Kekalahan calon tunggal di atas jelas bakal menjadi masalah bagi parpol pengusung. Dan tidak menjadi masalah bagi kematangan demokrasi di negeri ini.Â
Kekalahan tersebut, sekurangnya menjadi momentum calon dan parpol untuk melakukan ootokritik. Apa yang telah diperbuat dan lakukan untuk mencuri hati sang kekasih, ya rakyatnya. Jangan sampai rakyat berpaling ke lain hati, parahnya lagi bahkan melabuhkan pilihannya ke kotak kosong.
Hal lain yang juga menyokong lahirnya calon tunggal adalah kriteria yang diatur dalam undang-undang mengenai syarat dukungan, terutama bagi calon perseorangan.

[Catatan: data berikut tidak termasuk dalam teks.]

Lemma pcond_cyl_self t w : pcond (cyl t w) (cyl t w) = 1.
Proof.
  unfold pcond. destruct (Rlt_dec 0 (p (cyl t w))).
  - replace (fun v => cyl t w v /\ cyl t w v) with (cyl t w) by (apply pset_ext; tauto).
    field. lra.
  - apply indic_true. rewrite canon_cyl. apply pad_in_cyl.
Qed.

Lemma pcond_chain t n w E :
  pcond (fun v => E v /\ cyl (t + n) w v) (cyl t w)
  = pcond E (cyl (t + n) w) * pcond (cyl (t + n) w) (cyl t w).
Proof.
  set (C := cyl t w). set (C' := cyl (t + n) w).
  assert (Hsub : forall v, C' v -> C v) by (intros v Hv i Hi; apply Hv; lia).
  assert (HEC : (fun v => (E v /\ C' v) /\ C v) = (fun v => E v /\ C' v))
    by (apply pset_ext; intros v; split; [tauto|intros [A B]; auto]).
  assert (HCC : (fun v => C' v /\ C v) = C') by (apply pset_ext; intros v; split; [tauto|auto]).
  assert (HCC' : p C' <= p C) by (apply p_mono; auto).
  unfold pcond. rewrite HEC, HCC.
  destruct (Rlt_dec 0 (p C)) as [HC|HC]; destruct (Rlt_dec 0 (p C')) as [HC'|HC'].
  - field. lra.
  - assert (HC0 : p C' = 0) by (pose proof (Hp0 C'); lra).
    assert (Hnull : p (fun v => E v /\ C' v) = 0).
    { pose proof (Hp0 (fun v => E v /\ C' v)).
      assert (p (fun v => E v /\ C' v) <= p C') by (apply p_mono; tauto). lra. }
    rewrite Hnull, HC0. unfold Rdiv. ring.
  - lra.
  - unfold C, C'. rewrite !canon_cyl.
    destruct (classic (cyl (t + n) w (pad t w))) as [Hin|Hout].
    + rewrite (indic_true (cyl (t + n) w _)), pad_refine, Rmult_1_r by auto.
      f_equal. apply propositional_extensionality. tauto.
    + rewrite (indic_false (cyl (t + n) w _)), indic_false by tauto. ring.
Qed.

Lemma extend_to_opinion : exists P : DeltaStar Sig, forall E, uncond P E = p E.
Proof.
  assert (HP : cond_opinion Sig pcond).
  { split.
    - intros t w. split; [apply pcond_fa_prob|split; [apply pcond_cyl_self|]].
      intros E n _. apply pcond_chain.
    - replace (fun E => pcond E full) with p; [exact Hsn|].
      apply functional_extensionality. intros E. symmetry. apply pcond_full. }
  exists (exist _ pcond HP). intros E. apply pcond_full.
Qed.

End ConditionalExtension.

(** * Empirical measures along approaching paths *)

Lemma Int_part_0 : Int_part 0 = 0%Z.
Proof.
  destruct (base_Int_part 0) as [A B].
  assert (Int_part 0 <= 0)%Z by (apply le_IZR; lra).
  assert (-1 < Int_part 0)%Z by (apply lt_IZR; simpl; lra). lia.
Qed.

Lemma Int_part_step (al x : R) : 0 <= al <= 1 ->
  IZR (Int_part (al * (x + 1))) =
  IZR (Int_part (al * x)) + indic (Int_part (al * (x + 1)) <> Int_part (al * x)).
Proof.
  intros Hal.
  destruct (base_Int_part (al * (x + 1))) as [A1 B1]. destruct (base_Int_part (al * x)) as [A0 B0].
  set (n1 := Int_part (al * (x + 1))) in *. set (n0 := Int_part (al * x)) in *.
  assert (L1 : (-1 < n1 - n0)%Z) by (apply lt_IZR; rewrite minus_IZR; simpl; nra).
  assert (L2 : (n1 - n0 < 2)%Z) by (apply lt_IZR; rewrite minus_IZR; simpl; nra).
  destruct (Z.eq_dec n1 n0) as [E|E].
  - rewrite indic_false by tauto. rewrite E. ring.
  - rewrite indic_true by tauto. replace n1 with (n0 + 1)%Z by lia. rewrite plus_IZR. ring.
Qed.

Record sample : Type := Sample { size : nat; pts : nat -> nat; horizon : nat }.

Section Empirical.
Variables (X : Type) (d : X -> X -> R).
Hypothesis Hmetric : is_metric d.
Variables (s : nat -> X) (xa xb : X).
Hypothesis Hxab : xa <> xb.

Notation approach := (approach X s xa xb).

Definition visits (m : nat) (E : pset X) (k : nat) : R :=
  fsum k (fun k' => indic (E (approach m k'))).

Lemma visits_bounds m E k : 0 <= visits m E k <= INR k.
Proof.
  split; [apply fsum_nonneg|rewrite <- (Rmult_1_r (INR k)); apply fsum_le_bound];
    intros; apply indic_01.
Qed.

Lemma visits_or m E F k : (forall w, E w -> F w -> False) ->
  visits m (fun w => E w \/ F w) k = visits m E k + visits m F k.
Proof.
  intros Hd. unfold visits. rewrite <- fsum_add. apply fsum_ext. intros k' _.
  apply indic_or. intros [A B]. eauto.
Qed.

Lemma visits_tail m (E : pset X) K :
  (forall k, (K <= k)%nat -> E (approach m k)) -> forall n, INR n - INR K <= visits m E n.
Proof.
  intros HK n. induction n as [|n IH].
  - pose proof (pos_INR K). unfold visits. simpl. lra.
  - unfold visits in *. simpl fsum. rewrite S_INR.
    destruct (Nat.le_gt_cases K n) as [Hl|Hl].
    + rewrite indic_true by auto. lra.
    + assert (INR n + 1 <= INR K) by (rewrite <- S_INR; apply le_INR; lia).
      pose proof (visits_bounds m E n). pose proof (indic_01 (E (approach m n))).
      unfold visits in *. lra.
Qed.

(* Keep the [j]-th visit of [E] along [approach m] exactly when [al * j] crosses
   an integer, so that a fraction [al] of the visits is kept. *)
Definition select (E : pset X) (al : R) : pset X := fun w =>
  E w /\ exists m k, w = approach m k /\
    Int_part (al * (visits m E k + 1)) <> Int_part (al * visits m E k).

Lemma select_approach E al m k : select E al (approach m k) <->
  E (approach m k) /\ Int_part (al * (visits m E k + 1)) <> Int_part (al * visits m E k).
Proof.
  split.
  - intros [HE [m' [k' [Heq J]]]].
    destruct (approach_inj X s xa xb Hxab _ _ _ _ Heq) as [-> ->]. auto.
  - intros [HE J]. split; [exact HE|]. now exists m, k.
Qed.

Lemma visits_select E al m n :
  0 <= al <= 1 -> visits m (select E al) n = IZR (Int_part (al * visits m E n)).
Proof.
  intros Hal. induction n as [|n IH].
  - unfold visits. simpl. now rewrite Rmult_0_r, Int_part_0.
  - unfold visits in *. simpl fsum. rewrite IH.
    destruct (classic (E (approach m n))) as [HE|HE].
    + rewrite (indic_true (E _)), Int_part_step by auto. f_equal.
      apply f_equal, propositional_extensionality.
      rewrite select_approach. unfold visits. tauto.
    + rewrite (indic_false (E _)), indic_false, !Rplus_0_r by (rewrite ?select_approach; tauto).
      reflexivity.
Qed.

Variable Sig : pset X -> Prop.
Hypothesis HSigma : sigma_alg_opens d Sig.

Lemma Sig_select E al : Sig (select E al).
Proof.
  apply (Sig_ext X Sig (fun w => exists m k, w = approach m k /\
    (E (approach m k) /\ Int_part (al * (visits m E k + 1)) <> Int_part (al * visits m E k)))).
  - intros w. split.
    + intros [m [k [-> H]]]. now apply select_approach.
    + intros [HE [m [k [-> J]]]]. exists m, k. auto.
  - apply (Sig_approach_set X d Hmetric s xa xb Sig HSigma).
Qed.

(* The empirical distribution of the points [approach (pts i t) k] for
   [t < size i] and [k < horizon i]; it is [0] on a degenerate sample. *)
Definition emp (i : sample) (E : pset X) : R :=
  fsum (size i) (fun t => visits (pts i t) E (horizon i)) / (INR (size i) * INR (horizon i)).

Lemma emp_bounds i E : 0 <= emp i E <= 1.
Proof.
  unfold emp. set (S := fsum _ _). set (D := INR (size i) * INR (horizon i)).
  assert (HS : 0 <= S <= D).
  { split; [apply fsum_nonneg|apply fsum_le_bound]; intros; apply visits_bounds. }
  destruct (Req_dec D 0) as [HD|HD]; [rewrite HD, Rdiv_0_r; lra|].
  assert (0 < D) by lra. split; [apply Rle_mult_inv_pos; lra|].
  apply (Rmult_le_reg_r D); [lra|]. field_simplify; lra.
Qed.

Lemma emp_or i E F : (forall w, E w -> F w -> False) ->
  emp i (fun w => E w \/ F w) = emp i E + emp i F.
Proof.
  intros Hd. unfold emp, Rdiv. rewrite <- Rmult_plus_distr_r, <- fsum_add. f_equal.
  apply fsum_ext. intros t _. now apply visits_or.
Qed.

Lemma emp_full i : (0 < size i)%nat -> (0 < horizon i)%nat -> emp i full = 1.
Proof.
  intros Hs Hh. unfold emp.
  rewrite (fsum_ext _ _ (fun _ => INR (horizon i) * 1)).
  - rewrite fsum_const. field. split; apply not_0_INR; lia.
  - intros t _. unfold visits. rewrite <- fsum_const. apply fsum_ext.
    intros; now apply indic_true.
Qed.

Lemma emp_select i E al : 0 <= al <= 1 -> (0 < size i)%nat -> (0 < horizon i)%nat ->
  Rabs (al * emp i E - emp i (select E al)) <= / INR (horizon i).
Proof.
  intros Hal Hs Hh.
  assert (HN : 0 < INR (size i)) by (apply lt_0_INR; lia).
  assert (Hn : 0 < INR (horizon i)) by (apply lt_0_INR; lia).
  set (frac := fun t => al * visits (pts i t) E (horizon i)
                        - IZR (Int_part (al * visits (pts i t) E (horizon i)))).
  assert (Hfrac : forall t, 0 <= frac t <= 1).
  { intros t. unfold frac. destruct (base_Int_part (al * visits (pts i t) E (horizon i))). lra. }
  assert (Hdiff : al * emp i E - emp i (select E al)
                  = fsum (size i) frac / (INR (size i) * INR (horizon i))).
  { unfold emp. rewrite (fsum_ext _ (fun t => visits _ (select E al) _)
      (fun t => IZR (Int_part (al * visits (pts i t) E (horizon i)))))
      by (intros; now apply visits_select).
    unfold frac. unfold Rminus at 2. rewrite fsum_add.
    rewrite (fsum_ext _ (fun t => - _) (fun t => -1 * IZR (Int_part (al * visits (pts i t) E (horizon i)))))
      by (intros; ring).
    rewrite !fsum_scal. field. lra. }
  assert (HS : 0 <= fsum (size i) frac <= INR (size i)).
  { split; [apply fsum_nonneg|rewrite <- (Rmult_1_r (INR (size i))); apply fsum_le_bound];
      intros; apply Hfrac. }
  rewrite Hdiff, Rabs_pos_eq by (apply Rle_mult_inv_pos; nra).
  apply (Rmult_le_reg_r (INR (size i) * INR (horizon i))); [nra|].
  field_simplify; lra.
Qed.

Lemma emp_lower_bound (U : pset X) i (K : nat) (q : R) :
  (0 < size i)%nat -> (0 < horizon i)%nat -> (K <= horizon i)%nat -> 0 <= q ->
  (forall t, (t < size i)%nat -> U (dense_path X s (pts i t)) ->
     forall k, (K <= k)%nat -> U (approach (pts i t) k)) ->
  q * INR (size i) <= fsum (size i) (fun t => indic (U (dense_path X s (pts i t)))) ->
  q * (1 - INR K / INR (horizon i)) <= emp i U.
Proof.
  intros Hs Hh HK Hq Htail Hfreq.
  assert (HN : 0 < INR (size i)) by (apply lt_0_INR; lia).
  assert (Hn : 0 < INR (horizon i)) by (apply lt_0_INR; lia).
  assert (HKn : INR K <= INR (horizon i)) by now apply le_INR.
  assert (Hvisits : (INR (horizon i) - INR K) *
      fsum (size i) (fun t => indic (U (dense_path X s (pts i t))))
      <= fsum (size i) (fun t => visits (pts i t) U (horizon i))).
  { rewrite <- fsum_scal. apply fsum_le. intros t Ht.
    destruct (classic (U (dense_path X s (pts i t)))) as [Hin|Hout].
    - rewrite indic_true, Rmult_1_r by exact Hin.
      exact (visits_tail (pts i t) U K (Htail t Ht Hin) (horizon i)).
    - rewrite indic_false, Rmult_0_r by exact Hout. apply visits_bounds. }
  unfold emp. apply (Rmult_le_reg_r (INR (size i) * INR (horizon i))); [nra|].
  replace (q * (1 - INR K / INR (horizon i)) * (INR (size i) * INR (horizon i)))
    with ((INR (horizon i) - INR K) * (q * INR (size i))) by (field; lra).
  replace (fsum (size i) (fun t => visits (pts i t) U (horizon i)) /
      (INR (size i) * INR (horizon i)) * (INR (size i) * INR (horizon i)))
    with (fsum (size i) (fun t => visits (pts i t) U (horizon i))) by (field; lra).
  eapply Rle_trans; [|exact Hvisits]. apply Rmult_le_compat_l; lra.
Qed.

Keputusan Mahkamah Konstitusi (MK), 29 September 2015, menentukan calon perorangan harus mengumpulkan KTP sebanyak 10 persen di daerah dengan jumlah daftar pemilih tetap (DPT mencapai 2 juta orang, 8,5 persen di daerah dengan DPT antara 2-6 juta, 7,5 persen di daerah dengan DPT 6-12 juta, dan 6,5 persen di daerah dengan DPT di atas 12 juta orang. Syarat ini jelas tak mudah dipenuhi.
Ketua DPRD salah satu Kabupaten 2017 silam pernah menyerukan untuk bersama-sama memenangkan kotak kosong dalam Pemilihan Bupati (kompas.com, 29/11/2016).
Bagi calon tunggal jangan terlalu sombong, data di atas dapat menjadi pelajaran bagi calon tunggal. Untuk pendukung kotak kosong tidak perlu berkecil hati, segala kemungkinan bisa saja terjadi. Pilkada dinamis tunduk pada hasrat pemilih.
Pada akhirnya, pemilihan tanpa kontestasi, itulah wajah lain demokrasi kita hari ini. Maka kemudian kita sesungguhnya butuh edukasi, awareness dan kedewasaan demokrasi. Mari kita bangun keriangan dan kemajuan politik lewat pilkada.